● **WHAT THE TASK ASKS**
When a line in the records contains the string "domD", copy that line.

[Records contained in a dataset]
Lemma component_closed (S : {set T}) x : x \in S -> closed_in S (component e S x).
Proof.
move=> xS; split; first by apply/subsetP => y; rewrite inE => /and3P[].
move=> c y; rewrite !inE => /and3P[_ cS xc] yS ecy.
rewrite /conn_in xS yS (connect_trans xc) //.
by apply: connect1; rewrite /induced_rel ecy cS yS.
Qed.

Lemma component_sub (S W : {set T}) x :
  closed_in S W -> x \in W -> component e S x \subset W.
Proof.
move=> [sWS clW] xW; apply/subsetP => y; rewrite inE => /and3P[_ _ /connectP[p]].
elim: p x xW => [|z p IHp] x xW /= => [_ -> //|/andP[/and3P[exz _ zS] pz] yz].
exact: IHp (clW x z xW zS exz) pz yz.
Qed.

Hypothesis sym_e : symmetric e.

Lemma closed_inD (S W C : {set T}) :
  closed_in S W -> closed_in S C -> closed_in S (W :\: C).
Proof.
move=> [sWS clW] [sCS clC]; split; first exact: subset_trans (subsetDl W C) sWS.
move=> c y; rewrite !inE => /andP[cC cW] yS ecy; rewrite (clW c y cW yS ecy) andbT.
apply: contra cC => yC; apply: clC yC (subsetP sWS c cW) _.
by rewrite sym_e.
Qed.

End Domination.

Section Neighbourhood.
Variables (T : finType) (e : rel T) (v : T).
Hypotheses (sym_e : symmetric e) (irr_e : irreflexive e).
Local Notation S := (~: cnbh e v).

Lemma neighbour_exists : connected_graph e -> 1 < #|T| -> exists u, e v u.
Proof.
move=> conn T2; have /card_gt0P[y] : 0 < #|[set~ v]| by rewrite cardsC1; lia.
rewrite !inE => yv.
have /connectP[[|z p] /= vp yp] := conn v y; first by rewrite yp eqxx in yv.
by case/andP: vp => evz _; exists z.
Qed.

Lemma closed_touching_neighbour (W : {set T}) x :
  connected_graph e -> closed_in e S W -> x \in W -> exists2 p, e v p & touches e W p.
Proof.
move=> conn [sWS clW] xW; have /connectP[p] := conn x v.
elim: p x xW => [|z p IHp] x xW /=.
  by move=> _ xv; move: (subsetP sWS x xW); rewrite xv !inE eqxx.
case/andP=> exz zp vp; have xS := subsetP sWS x xW.
case: (boolP (z \in S)) => [zS|]; first exact: IHp (clW x z xW zS exz) zp vp.
rewrite !inE negbK => /orP[/eqP zv|evz].
  by move: xS; rewrite !inE -zv sym_e exz orbT.
by exists z => //; apply/exists_inP; exists x; rewrite // sym_e.
Qed.

Lemma dominates_setU1 (D : {set T}) u :
  dominates_in e [set~ v] D -> e v u -> dominates_in e [set: T] (u |: D).
Proof.
move=> /dominates_inP[_ domD] evu; apply/dominates_inP; split=> [|x _].
  exact: subsetT.
case: (eqVneq x v) => [->|xv].
  by apply/orP; right; apply/exists_inP; exists u; rewrite ?setU11.
by apply: dominated_sub (subsetUr _ _) (domD x _); rewrite !inE.
Qed.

● **TASK OUTPUT**
move=> /dominates_inP[_ domD] evu; apply/dominates_inP; split=> [|x _].
by apply: dominated_sub (subsetUr _ _) (domD x _); rewrite !inE.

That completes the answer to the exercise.